1) Export and Upload – Export an existing virtual machine (VM) as an OVA file and upload it to EEC.


  • With the export and upload method, no extra tooling is required. Just export the server and import it back.


  • The entire server needs to be moved at once meaning that you won’t have the ability to sync changes made after the export.
  • Data must be fully exported and then uploaded through the web interface.
    • Both of these disadvantages generally mean a long outage window.

Use Cases

  • The export and upload strategy will work best with servers whose state does not frequently or unexpectedly change, such as web servers and application servers relying on an external database;
  • As well as with servers where a long outage is acceptable.

2) Rebuild and Restore Data – Build new servers within EEC, install applications, and then sync or restore application data.


  • Applications are deployed on new servers and don’t bring along unwanted/unnecessary cruft from the old environment.
  • If the amount of data to be restored is small or can be actively synced from the old server, this method facilitates a quick cutover from the old servers to the new environment.


  • This approach requires building a large number of servers.
  • Each app migration is unique and must be planned for separately.

Use Cases

  • The Rebuild and Restore Data approach will work best for apps with a built-in sync or migration capability;
  • Stateless application servers;
  • Servers on OS versions which are nearing end of support.

3) vCloud Availability – use the new vCloud Availability (vCAV) offering from VMware to migrate servers.

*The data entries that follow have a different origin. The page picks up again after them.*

(* Let $\Lambda,K,N$ be positive integers, $\mathcal{U}=\{\mathcal{U}_1,\dots,\mathcal{U}_\Lambda\}$ a partition of $[K]$ into (possibly empty) sets with profile $\boldsymbol{\mathcal{L}}=(\mathcal{L}_1,\dots,\mathcal{L}_\Lambda)$, and for each $\lambda\in[\Lambda]$ let $\boldsymbol{d_\lambda}=(\boldsymbol{d_\lambda}(1),\dots,\boldsymbol{d_\lambda}(|\mathcal{U}_\lambda|))$ be the file indices requested by the users of $\mathcal{U}_\lambda$. Let $\mathcal{G}$ be the side-information graph defined in the context. Let $\sigma_s$ be a permutation of $[\Lambda]$ with $|\mathcal{U}_{\sigma_s(1)}|\ge|\mathcal{U}_{\sigma_s(2)}|\ge\dots\ge|\mathcal{U}_{\sigma_s(\Lambda)}|$ (so $|\mathcal{U}_{\sigma_s(\lambda)}|=\mathcal{L}_\lambda$). Then the subgraph $\mathcal{J}$ of $\mathcal{G}$ induced by the vertex set $$\Big\{W^{\boldsymbol{d_{\sigma_s(\lambda)}}(j)}_{\mathcal{T}} : \lambda\in[\Lambda],\ j\in[\mathcal{L}_\lambda],\ \mathcal{T}\subseteq[\Lambda]\setminus\{\sigma_s(1),\dots,\sigma_s(\lambda)\}\Big\}$$ is acyclic.
   Context: Index-coding formulation of shared-cache coded caching with uncoded placement: each requested file $W^{\boldsymbol{d_\lambda}(j)}$ is split into disjoint subfiles $W^{\boldsymbol{d_\lambda}(j)}_{\mathcal{T}}$, $\mathcal{T}\subseteq[\Lambda]$, where $W^{n}_{\mathcal{T}}$ is the part of file $W^n$ stored exactly in the caches indexed by $\mathcal{T}$. The side-information graph $\mathcal{G}$ has one vertex for each triple $(\lambda,j,\mathcal{T})$ with $\lambda\in[\Lambda]$, $j\in[|\mathcal{U}_\lambda|]$, $\mathcal{T}\subseteq[\Lambda]$, $\lambda\notin\mathcal{T}$, representing the message $W^{\boldsymbol{d_\lambda}(j)}_{\mathcal{T}}$ requested by a virtual receiver whose side information is the content of cache $\lambda$. There is a directed edge from vertex $W^{\boldsymbol{d_\lambda}(j)}_{\mathcal{T}}$ to vertex $W^{\boldsymbol{d_{\lambda'}}(j')}_{\mathcal{T}'}$ if and only if $\lambda'\in\mathcal{T}$. An induced subgraph is acyclic if it contains no directed cycle. *)

From mathcomp Require Import all_boot.
Set Implicit Arguments. Unset Strict Implicit. Unset Printing Implicit Defensive.

(* Vertices of the side-information graph G: triples (lambda, j, T),
   with lambda : 'I_Lam (cache index, 0-based), j : nat (user index within
   U_lambda, 0-based: j < #|U_lambda|), T : {set 'I_Lam}.  The vertex
   represents the message W^{d_lambda(j)}_T. *)
Record vertex (Lam : nat) := Vertex
  { v_cache : 'I_Lam; v_user : nat; v_T : {set 'I_Lam} }.

Definition vmsg (Lam N : nat) (d : 'I_Lam -> nat -> 'I_N) (v : vertex Lam)
  : 'I_N * {set 'I_Lam} := (d (v_cache v) (v_user v), v_T v).

Definition in_G (Lam K : nat) (U : 'I_Lam -> {set 'I_K}) (v : vertex Lam) : bool :=
  (v_user v < #|U (v_cache v)|) && (v_cache v \notin v_T v).

Definition G_edge (Lam : nat) (u v : vertex Lam) : bool := v_cache v \in v_T u.

(* the subgraph of G induced by the vertex set S (intersected with the
   vertices of G) is acyclic: no directed cycle x -> ... -> x through its
   vertices (cycle includes self-loops, i.e. cycles of length 1) *)
Definition induced_acyclic (Lam K : nat) (U : 'I_Lam -> {set 'I_K})
  (S : vertex Lam -> bool) : Prop :=
  forall (x : vertex Lam) (p : seq (vertex Lam)),
    all (fun v => in_G U v && S v) (x :: p) -> ~~ cycle (@G_edge Lam) (x :: p).

Definition is_partition (Lam K : nat) (U : 'I_Lam -> {set 'I_K}) : Prop :=
  (forall l1 l2 : 'I_Lam, l1 != l2 -> [disjoint U l1 & U l2]) /\
  (\bigcup_(l : 'I_Lam) U l = [set: 'I_K]).

(* the vertex set of J (0-based lambda): vertices (sigma lambda, j, T) with
   j < L_lambda and T disjoint from {sigma 0, ..., sigma lambda} *)
Definition J_set (Lam : nat) (sigma : 'I_Lam -> 'I_Lam) (L : 'I_Lam -> nat)
  (v : vertex Lam) : bool :=
  [exists l : 'I_Lam,
     [&& v_cache v == sigma l, v_user v < L l &
         [forall i : 'I_Lam, (i <= l) ==> (sigma i \notin v_T v)]]].

From mathcomp Require Import all_boot all_fingroup.

(* Rank each vertex of J by the position sigma^-1(lambda) of its cache.  An
   edge u -> v of G means that the cache of v lies in T_u, and T_u avoids the
   caches of all positions up to that of u; so every edge inside J strictly
   increases the rank, and a directed cycle is impossible. *)

Lemma rank_increasing_cycle_free {T : Type} {P : {pred T}} {e : rel T}
    (f : T -> nat) :
  {in P &, forall a b, e a b -> f a < f b} ->
  forall x p, all P (x :: p) -> ~~ path.cycle e (x :: p).
Proof.
move=> f_incr x p Pxp; apply/negP; rewrite /path.cycle => e_cycle.
have Pcycle : all P (x :: rcons p x).
  by move: Pxp; rewrite /= all_rcons => /andP[-> ->].
have := homo_path_in (e' := ltn) f_incr Pcycle e_cycle.
move=> /(order_path_min ltn_trans) /allP /(_ (f x)).
by rewrite map_rcons mem_rcons mem_head ltnn => /(_ isT).
Qed.

Definition cache_position {Lam : nat} (sigma : {perm 'I_Lam}) (v : vertex Lam)
  : nat := (sigma^-1)%g (v_cache v).

Lemma cache_position_increasing_in_J (Lam : nat) (sigma : {perm 'I_Lam})
    (L : 'I_Lam -> nat) :
  {in J_set sigma L &, forall u v,
    G_edge u v -> cache_position sigma u < cache_position sigma v}.
Proof.
move=> u v /existsP[l /and3P[/eqP u_at_l _ /forallP T_u_avoids]].
move=> /existsP[l' /and3P[/eqP v_at_l' _ _]].
rewrite /G_edge /cache_position u_at_l v_at_l' !permK => uv.
rewrite ltnNge; apply/negP => l'_le_l.
by have := T_u_avoids l'; rewrite l'_le_l uv.
Qed.

Theorem lemma2 (Lam K N : nat) (U : 'I_Lam -> {set 'I_K})
  (L : 'I_Lam -> nat) (d : 'I_Lam -> nat -> 'I_N)
  (sigma : {perm 'I_Lam}) :
  0 < Lam -> 0 < K -> 0 < N ->
  is_partition U ->
  (forall l1 l2 : 'I_Lam, l1 <= l2 -> #|U (sigma l2)| <= #|U (sigma l1)|) ->
  (forall l : 'I_Lam, L l = #|U (sigma l)|) ->
  induced_acyclic U (J_set sigma L).
Proof.
move=> _ _ _ _ _ _ x p.
apply: (rank_increasing_cycle_free (cache_position sigma)).
move=> u v /andP[_ Ju] /andP[_ Jv].
exact: (@cache_position_increasing_in_J Lam sigma L u v Ju Jv).
Qed.
(* For all $m\ge1$, $\bar\delta_{2m,1}=\frac{m}{2(2m-1)}$ and $\bar\delta_{2m+1,1}=\frac{m+1}{2(2m+1)}$.
   Context: For integers $\lambda\ge0$, $d\ge1$, write $\lambda=\sum_{i=1}^d\binom{k_i}{i}$ uniquely with $k_d>\cdots>k_1\ge0$ and set $\lambda^{[d]}=\sum_{i=1}^d\binom{k_i}{i+1}$. For $n>d$ and $0\le\lambda\le\binom nd$ let $\delta_{n,d}(\lambda)=\lambda/\binom nd-\lambda^{[d]}/\binom n{d+1}$, and let $\bar\delta_{n,d}=\max_{0\le\lambda\le\binom nd}\delta_{n,d}(\lambda)$ (the paper denotes this maximum simply by $\delta_{n,d}$ in this part). *)

From mathcomp Require Import all_boot all_order all_algebra.
Set Implicit Arguments. Unset Strict Implicit. Unset Printing Implicit Defensive.
Import Order.TTheory GRing.Theory Num.Theory.

(* d-cascade representation of lam: lam = sum_{i=1}^d 'C(k i, i)
   with k d > k (d-1) > ... > k 1 >= 0.  Only k 1, ..., k d matter. *)
Definition cascade (d lam : nat) (k : nat -> nat) : Prop :=
  (forall i, 1 <= i < d -> k i < k i.+1) /\
  lam = \sum_(1 <= i < d.+1) 'C(k i, i).

Definition upper_shadow (d : nat) (k : nat -> nat) : nat :=
  \sum_(1 <= i < d.+1) 'C(k i, i.+1).

Local Open Scope ring_scope.

Definition delta (n d lam : nat) (k : nat -> nat) : rat :=
  lam%:R / ('C(n, d))%:R - (upper_shadow d k)%:R / ('C(n, d.+1))%:R.

Definition is_delta_bar (n d : nat) (x : rat) : Prop :=
  (exists lam k, (lam <= 'C(n, d))%N /\ cascade d lam k /\ delta n d lam k = x) /\
  (forall lam k, (lam <= 'C(n, d))%N -> cascade d lam k -> delta n d lam k <= x).

From mathcomp Require Import all_boot all_order all_algebra.
From mathcomp Require Import ring lra zify.
Import Order.TTheory GRing.Theory Num.Theory.
Local Open Scope ring_scope.

(* For d = 1 the cascade of lam is just k 1 = lam and lam^[1] = C(lam, 2), so
   delta_{n,1}(lam) = lam (n - lam) / (n (n - 1)).  The integer lam maximising
   the quadratic lam (n - lam) is floor(n / 2), with value m^2 for n = 2m and
   m (m + 1) for n = 2m + 1. *)

Lemma cascade1E (lam : nat) (k : nat -> nat) : cascade 1 lam k <-> k 1%N = lam.
Proof.
rewrite /cascade big_nat1 bin1; split=> [[_ ->] // | <-].
by split=> // i /andP[i_ge1 i_lt1]; lia.
Qed.

Lemma natr_bin2 (R : pzRingType) (n : nat) :
  ('C(n, 2))%:R * 2 = n%:R * (n%:R - 1) :> R.
Proof.
case: n => [|n]; first by rewrite bin0n mul0r mul0r.
have := bin_ffact n.+1 2; rewrite ffactnSr ffactn1 subSS subn0.
move=> /(congr1 (GRing.natmul (1 : R))).
by rewrite !natrM -addn1 natrD addrK.
Qed.

Lemma delta1E {n lam : nat} {k : nat -> nat} : (2 <= n)%N -> cascade 1 lam k ->
  delta n 1 lam k = lam%:R * (n%:R - lam%:R) / (n%:R * (n%:R - 1)).
Proof.
move=> n_ge2 /cascade1E k1; rewrite /delta /upper_shadow big_nat1 k1 bin1.
have n2 : 2 <= n%:R :> rat by rewrite (ler_nat _ 2).
have -> : ('C(lam, 2))%:R = lam%:R * (lam%:R - 1) / 2 :> rat.
  by rewrite -natr_bin2 mulfK.
have -> : ('C(n, 2))%:R = n%:R * (n%:R - 1) / 2 :> rat.
  by rewrite -natr_bin2 mulfK.
by field; apply/andP; split; apply/eqP; lra.
Qed.

Lemma is_delta_bar1 (n lam0 : nat) : (2 <= n)%N -> (lam0 <= n)%N ->
  (forall lam : nat, lam%:R * (n%:R - lam%:R) <= lam0%:R * (n%:R - lam0%:R) :> rat) ->
  is_delta_bar n 1 (lam0%:R * (n%:R - lam0%:R) / (n%:R * (n%:R - 1))).
Proof.
move=> n_ge2 lam0_le lam0_max; rewrite /is_delta_bar bin1.
have n2 : 2 <= n%:R :> rat by rewrite (ler_nat _ 2).
split.
  have lam0_cascade : cascade 1 lam0 (fun=> lam0) by exact/cascade1E.
  by exists lam0, (fun=> lam0); rewrite (delta1E n_ge2 lam0_cascade).
move=> lam k _ /(delta1E n_ge2) ->.
by rewrite ler_pM2r ?invr_gt0 ?lam0_max //; nra.
Qed.

Lemma mul_sub_le_even (m lam : nat) :
  lam%:R * (2 * m%:R - lam%:R) <= m%:R * (2 * m%:R - m%:R) :> rat.
Proof. by have := sqr_ge0 (lam%:R - m%:R : rat); nra. Qed.

(* lam (2m + 1 - lam) <= m (m + 1) because no integer lies strictly between m and m + 1. *)
Lemma mul_sub_le_odd (m lam : nat) :
  lam%:R * (2 * m%:R + 1 - lam%:R) <= m%:R * (2 * m%:R + 1 - m%:R) :> rat.
Proof.
have [lam_le | lam_gt] := leqP lam m.
  have : lam%:R <= m%:R :> rat by rewrite ler_nat.
  have : 0 <= lam%:R :> rat by [].
  nra.
have : m%:R + 1 <= lam%:R :> rat by rewrite natr1 ler_nat.
nra.
Qed.

Theorem proposition6p1 (m : nat) (hm : (1 <= m)%N) :
  is_delta_bar (2 * m) 1 (m%:R / (2 * (2 * m%:R - 1))) /\
  is_delta_bar (2 * m + 1) 1 ((m%:R + 1) / (2 * (2 * m%:R + 1))).
Proof.
have m1 : 1 <= m%:R :> rat by rewrite (ler_nat _ 1).
split.
  have := @is_delta_bar1 (2 * m) m; rewrite natrM.
  have -> : m%:R * (2 * m%:R - m%:R) / (2 * m%:R * (2 * m%:R - 1))
            = m%:R / (2 * (2 * m%:R - 1)) :> rat by field; lra.
  apply; [lia | lia | exact: mul_sub_le_even].
have := @is_delta_bar1 (2 * m + 1) m; rewrite natrD natrM.
have -> : m%:R * (2 * m%:R + 1 - m%:R) / ((2 * m%:R + 1) * (2 * m%:R + 1 - 1))
          = (m%:R + 1) / (2 * (2 * m%:R + 1)) :> rat by field; lra.
apply; [lia | lia | exact: mul_sub_le_odd].
Qed.
(* Let $E$ be a (real) topological vector space, let $\Omega$ be a nonempty open subset of $E$, and let $f_0,\dots,f_m:\Omega\to\mathbb{R}$ be functions. Let $\hat{x}$ be a solution of the problem $$(\mathcal{P}_1)\qquad \max f_0(x)\quad\text{subject to } x\in\Omega,\ f_i(x)\ge 0\ \text{for all } i\in\{1,\dots,m\}.$$ Assume: (a) for every $j\in\{i\in\{1,\dots,m\}: f_i(\hat{x})>0\}$, $f_j$ is lower semicontinuous at $\hat{x}$; (b) for every $i\in\{0,\dots,m\}$, $f_i$ is $D^-_M$-differentiable at $\hat{x}$. Then there exist $\lambda^0,\dots,\lambda^m\in\mathbb{R}_+$ such that: (i) $(\lambda^0,\dots,\lambda^m)\neq(0,\dots,0)$; (ii) $\lambda^i f_i(\hat{x})=0$ for all $i\in\{1,\dots,m\}$; (iii) $\sum_{i=0}^m \lambda^i D^-_M f_i(\hat{x})(u)\le 0$ for all $u\in E$. If, in addition, (c) there exists $w\in E$ such that $D^-_M f_i(\hat{x})(w)>0$ for every $i\in\{1,\dots,m\}$ with $f_i(\hat{x})=0$, then one can take $\lambda^0=1$.
   Context: For a function $f$ defined on an open set containing $x$ and a direction $u\in E$, the lower Dini derivative is $D^-f(x)(u):=\liminf_{t\to0^+}\frac{f(x+tu)-f(x)}{t}$, with the convention $D^-f(x)(0)=0$. The modified lower Dini derivative is $D^-_Mf(x)(u):=\inf_{w\in E}\{D^-f(x)(u+w)-D^-f(x)(w)\}$. The function $f$ is called $D^-_M$-differentiable at $x$ if $D^-_Mf(x)(u)$ and $D^-f(x)(u)$ are finite for every $u\in E$. *)

From HB Require Import structures.
From mathcomp Require Import all_boot all_order all_algebra.
From mathcomp Require Import all_classical all_reals all_analysis.
Set Implicit Arguments. Unset Strict Implicit. Unset Printing Implicit Defensive.
Import Order.TTheory GRing.Theory Num.Theory.
Import numFieldNormedType.Exports.
Local Open Scope classical_set_scope.
Local Open Scope ring_scope.
(* Let $B:[0,T]\to\mathbb R$ and $B_u:[0,T]\to\mathbb R$ be solutions of the constrained and unconstrained ODEs of the context, and let $\pi^\ast,\pi_u,\pi_M$ be as in the context. If $\rho=0$ or $\pi_M\in[\alpha,\beta]$, then $\pi^\ast(t)=\mathrm{Cap}(\pi_u(t),\alpha,\beta)$ for all $t\in[0,T]$.
   Context: Parameters: $T>0$; $\eta,\kappa,\sigma>0$; $\rho\in(-1,1)$; $b<1$, $b\ne0$; $K=[\alpha,\beta]$, $-\infty\le\alpha<\beta\le\infty$; $\delta_K(x)=-\alpha x\mathbf 1_{\{x>0\}}-\beta x\mathbf 1_{\{x<0\}}$. $B_-=\frac{(1-b)\alpha-\eta}\sigma$, $B_+=\frac{(1-b)\beta-\eta}\sigma$; $r_0=-\frac b{2(1-b)}\eta^2$, $r_1=\frac b{1-b}\eta\sigma\rho-\kappa$, $r_2=\sigma^2(1+\frac b{1-b}\rho^2)$. Constrained ODE: $B'(\tau)=-\kappa B+\frac12\sigma^2B^2+\frac12\frac b{1-b}\inf_{\lambda\in\mathbb R}(2(1-b)\delta_K(\lambda)+(\eta+\lambda+\sigma\rho B)^2)$, $B(0)=0$. Unconstrained ODE: $B_u'(\tau)=-r_0+r_1B_u+\frac12r_2B_u^2$, $B_u(0)=0$. $\lambda^\ast(B)=[(1-b)\alpha-(\eta+\sigma\rho B)]\mathbf 1_{\{\rho B<B_-\}}+[(1-b)\beta-(\eta+\sigma\rho B)]\mathbf 1_{\{\rho B>B_+\}}$; $\pi^\ast(t)=\frac1{1-b}(\eta+\lambda^\ast(B(T-t))+\sigma\rho B(T-t))$; $\pi_u(t)=\frac1{1-b}(\eta+\sigma\rho B_u(T-t))$; $\pi_M=\frac\eta{1-b}$; $\mathrm{Cap}(x,\alpha,\beta)=\alpha$ if $x<\alpha$, $x$ if $\alpha\le x\le\beta$, $\beta$ if $x>\beta$. *)

From Stdlib Require Import Reals.
From Coquelicot Require Import Coquelicot.
Open Scope R_scope.

Definition deltaK (alpha beta : Rbar) (x : R) : Rbar :=
  Rbar_plus
    (if Rlt_dec 0 x then Rbar_mult (Rbar_opp alpha) (Finite x) else Finite 0)
    (if Rlt_dec x 0 then Rbar_mult (Rbar_opp beta) (Finite x) else Finite 0).

Definition objK (eta sigma rho b : R) (alpha beta : Rbar) (B l : R) : Rbar :=
  Rbar_plus (Rbar_mult (Finite (2 * (1 - b))) (deltaK alpha beta l))
            (Finite ((eta + l + sigma * rho * B) ^ 2)).

Definition infK (eta sigma rho b : R) (alpha beta : Rbar) (B : R) : Rbar :=
  Rbar_glb (fun y => exists l : R, y = objK eta sigma rho b alpha beta B l).

Definition rhsK (eta kappa sigma rho b : R) (alpha beta : Rbar) (B : R) : R :=
  - kappa * B + / 2 * sigma ^ 2 * B ^ 2
  + / 2 * (b / (1 - b)) * real (infK eta sigma rho b alpha beta B).

Definition r0 (eta b : R) : R := - (b / (2 * (1 - b))) * eta ^ 2.
Definition r1 (eta kappa sigma rho b : R) : R := b / (1 - b) * eta * sigma * rho - kappa.
Definition r2 (sigma rho b : R) : R := sigma ^ 2 * (1 + b / (1 - b) * rho ^ 2).

Definition rhsU (eta kappa sigma rho b : R) (Bu : R) : R :=
  - r0 eta b + r1 eta kappa sigma rho b * Bu + / 2 * r2 sigma rho b * Bu ^ 2.

Definition solves_ODE (T : R) (F : R -> R) (f : R -> R) : Prop :=
  f 0 = 0 /\
  continuous_on (fun tau => 0 <= tau <= T) f /\
  (forall tau, 0 < tau < T -> is_derive f tau (F (f tau))).

Definition Bminus (eta sigma b : R) (alpha : Rbar) : Rbar :=
  Rbar_mult (Rbar_minus (Rbar_mult (Finite (1 - b)) alpha) (Finite eta)) (Finite (/ sigma)).
Definition Bplus (eta sigma b : R) (beta : Rbar) : Rbar :=
  Rbar_mult (Rbar_minus (Rbar_mult (Finite (1 - b)) beta) (Finite eta)) (Finite (/ sigma)).

(* lambda^*(B); when an indicator is 1 the corresponding bound is finite *)
Definition lambda_star (eta sigma rho b : R) (alpha beta : Rbar) (B : R) : R :=
  (if Rbar_lt_dec (Finite (rho * B)) (Bminus eta sigma b alpha)
   then (1 - b) * real alpha - (eta + sigma * rho * B) else 0)
  + (if Rbar_lt_dec (Bplus eta sigma b beta) (Finite (rho * B))
     then (1 - b) * real beta - (eta + sigma * rho * B) else 0).

Definition pi_star (T eta sigma rho b : R) (alpha beta : Rbar) (B : R -> R) (t : R) : R :=
  / (1 - b) * (eta + lambda_star eta sigma rho b alpha beta (B (T - t))
               + sigma * rho * B (T - t)).

Definition pi_u (T eta sigma rho b : R) (Bu : R -> R) (t : R) : R :=
  / (1 - b) * (eta + sigma * rho * Bu (T - t)).

Definition pi_M (eta b : R) : R := eta / (1 - b).

Definition Cap (x : R) (alpha beta : Rbar) : R :=
  if Rbar_lt_dec (Finite x) alpha then real alpha
  else if Rbar_lt_dec beta (Finite x) then real beta
  else x.

From Stdlib Require Import Reals Lra Psatz Classical.
From Coquelicot Require Import Coquelicot.
Open Scope R_scope.

(* In the price variable y = pi_M + sigma rho / (1 - b) B, [lambda_star] turns pi* into the
   projection Cap of the price of B onto K, and the infimum in the constrained ODE is attained at
   that projection, so the constrained field is the unconstrained (quadratic) one minus the
   penalty sigma rho b / 2 (y - Cap y)^2, which vanishes on K.  If rho = 0 both prices equal pi_M.
   Otherwise both price paths start at pi_M in K and, by Gronwall, coincide as long as the
   constrained one stays in K.  If it leaves K at time m from e = y(m), the common field at e is
   nonzero: otherwise e is an equilibrium and backward uniqueness forces pi_M = e, where the field
   is sigma rho b eta^2 / (2 (1 - b)^2) <> 0.  A nonzero field at e is a barrier that neither path
   crosses back, so e is an end point of K and both prices are capped to e from then on. *)

Definition in_K (alpha beta : Rbar) (x : R) : Prop :=
  Rbar_le alpha x /\ Rbar_le x beta.

Lemma Rbar_mult_pos_r (x : Rbar) (c : R) : 0 < c ->
  Rbar_mult x c = match x with Finite r => Finite (r * c) | _ => x end.
Proof.
  intros Hc; destruct x as [r| |]; [reflexivity| |];
    unfold Rbar_mult, Rbar_mult'; destruct Rle_dec;
    try destruct Rle_lt_or_eq_dec; auto; lra.
Qed.

Lemma Rbar_mult_neg_r (x : Rbar) (c : R) : c < 0 ->
  Rbar_mult x c = match x with Finite r => Finite (r * c) | _ => Rbar_opp x end.
Proof.
  intros Hc; destruct x as [r| |]; [reflexivity| |];
    unfold Rbar_mult, Rbar_mult'; destruct Rle_dec;
    try destruct Rle_lt_or_eq_dec; auto; lra.
Qed.

Lemma lt_Bminus_iff (eta sigma b : R) (x : Rbar) (z : R) : 0 < sigma -> b < 1 ->
  Rbar_lt z (Bminus eta sigma b x) <-> Rbar_lt ((eta + sigma * z) / (1 - b)) x.
Proof.
  intros Hs Hb; unfold Bminus.
  rewrite (Rbar_mult_comm (Finite (1 - b))), (Rbar_mult_pos_r x) by lra.
  destruct x as [a| |]; cbn -[Rbar_mult];
    rewrite Rbar_mult_pos_r by (apply Rinv_0_lt_compat; lra); cbn; try tauto.
  assert (E : (a * (1 - b) + - eta) * / sigma - z
              = (1 - b) / sigma * (a - (eta + sigma * z) / (1 - b))) by (field; lra).
  assert (0 < (1 - b) / sigma) by (apply Rdiv_lt_0_compat; lra).
  split; intros; nra.
Qed.

Lemma Bplus_lt_iff (eta sigma b : R) (x : Rbar) (z : R) : 0 < sigma -> b < 1 ->
  Rbar_lt (Bplus eta sigma b x) z <-> Rbar_lt x ((eta + sigma * z) / (1 - b)).
Proof.
  intros Hs Hb; unfold Bplus.
  rewrite (Rbar_mult_comm (Finite (1 - b))), (Rbar_mult_pos_r x) by lra.
  destruct x as [a| |]; cbn -[Rbar_mult];
    rewrite Rbar_mult_pos_r by (apply Rinv_0_lt_compat; lra); cbn; try tauto.
  assert (E : (a * (1 - b) + - eta) * / sigma - z
              = (1 - b) / sigma * (a - (eta + sigma * z) / (1 - b))) by (field; lra).
  assert (0 < (1 - b) / sigma) by (apply Rdiv_lt_0_compat; lra).
  split; intros; nra.
Qed.

Lemma Cap_cases (x : R) (alpha beta : Rbar) : Rbar_lt alpha beta ->
  (Rbar_lt x alpha /\ alpha = Cap x alpha beta) \/
  (Rbar_lt beta x /\ beta = Cap x alpha beta) \/
  (in_K alpha beta x /\ Cap x alpha beta = x).
Proof.
  intros Hab; unfold Cap, in_K.
  destruct (Rbar_lt_dec x alpha) as [H1|H1];
    [|destruct (Rbar_lt_dec beta x) as [H2|H2]];
    destruct alpha as [a| |]; destruct beta as [c| |]; cbn in *; try tauto; lra.
Qed.

Lemma Cap_id (x : R) (alpha beta : Rbar) : in_K alpha beta x -> Cap x alpha beta = x.
Proof.
  intros [H1 H2]; unfold Cap.
  destruct (Rbar_lt_dec x alpha) as [H3|H3]; [now apply Rbar_lt_not_le in H3|].
  destruct (Rbar_lt_dec beta x) as [H4|H4]; [now apply Rbar_lt_not_le in H4|].
  reflexivity.
Qed.

Lemma Cap_in_K (x : R) (alpha beta : Rbar) : Rbar_lt alpha beta ->
  in_K alpha beta (Cap x alpha beta).
Proof.
  intros Hab.
  destruct (Cap_cases x alpha beta Hab) as [[_ E]|[[_ E]|[HK ->]]];
    [unfold in_K; rewrite <- E|unfold in_K; rewrite <- E|exact HK];
    auto using Rbar_le_refl, Rbar_lt_le.
Qed.

Lemma Cap_below (x : R) (alpha beta : Rbar) : Rbar_lt alpha beta -> Rbar_le x alpha ->
  Cap x alpha beta = real alpha.
Proof.
  intros Hab Hx; destruct (Cap_cases x alpha beta Hab) as [[_ E]|[[H _]|[[H _] ->]]].
  - symmetry; exact (f_equal real E).
  - exfalso; apply (Rbar_lt_not_le _ _ (Rbar_lt_trans _ _ _ Hab H) Hx).
  - destruct alpha as [a| |]; cbn in *; [f_equal; lra|tauto|tauto].
Qed.

Lemma Cap_above (x : R) (alpha beta : Rbar) : Rbar_lt alpha beta -> Rbar_le beta x ->
  Cap x alpha beta = real beta.
Proof.
  intros Hab Hx; destruct (Cap_cases x alpha beta Hab) as [[H _]|[[_ E]|[[_ H] ->]]].
  - exfalso; apply (Rbar_lt_not_le _ _ (Rbar_lt_trans _ _ _ H Hab) Hx).
  - symmetry; exact (f_equal real E).
  - destruct beta as [c| |]; cbn in *; [f_equal; lra|tauto|tauto].
Qed.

  • vCAV is largely a self-service tool.
  • It allows for syncing of data and cutting over to a new environment when appropriate (short outage window).


  • VMware-specific
  • Requires hypervisor access which is not always available.

Use Cases

  • VMware-only infrastructures
  • Situations where there is a large rate of data change that must be synced.

4) Custom Migration Tools – Work with Expedient to use migration tools like Carbonite, Zerto, or Cohesity to sync data between your on-prem environment and the cloud. Cut over to your new environment when appropriate.


  • Data can be continuously synced up until cutover, which allows for very short outage windows.
  • This approach supports the vast majority of migration scenarios, including migration from physical servers and public cloud providers.
  • Initial data export can be placed on external drives or storage arrays and shipped to the data center, allowing it to serve as the seed to which change data can be synched. This approach could drastically reduce overall migration time.


  • Requires software to be installed either on each VM or onto the underlying vSphere infrastructure.
  • Requires a high-bandwidth upstream connection

Use Cases

  • This approach is good for servers lacking proper documentation, which would make a rebuild difficult; and
  • Large migrations with short timetables.

Once a workload’s applications and data have been migrated you will need to update your DNS records to point to the new IP address. In situations where all services behind an IP address are being moved, this step can be avoided by moving the IP itself from your local environment and into the Expedient cloud. I hope that you found the information in this article helpful. Feel free to email me anytime with your cloud migration questions.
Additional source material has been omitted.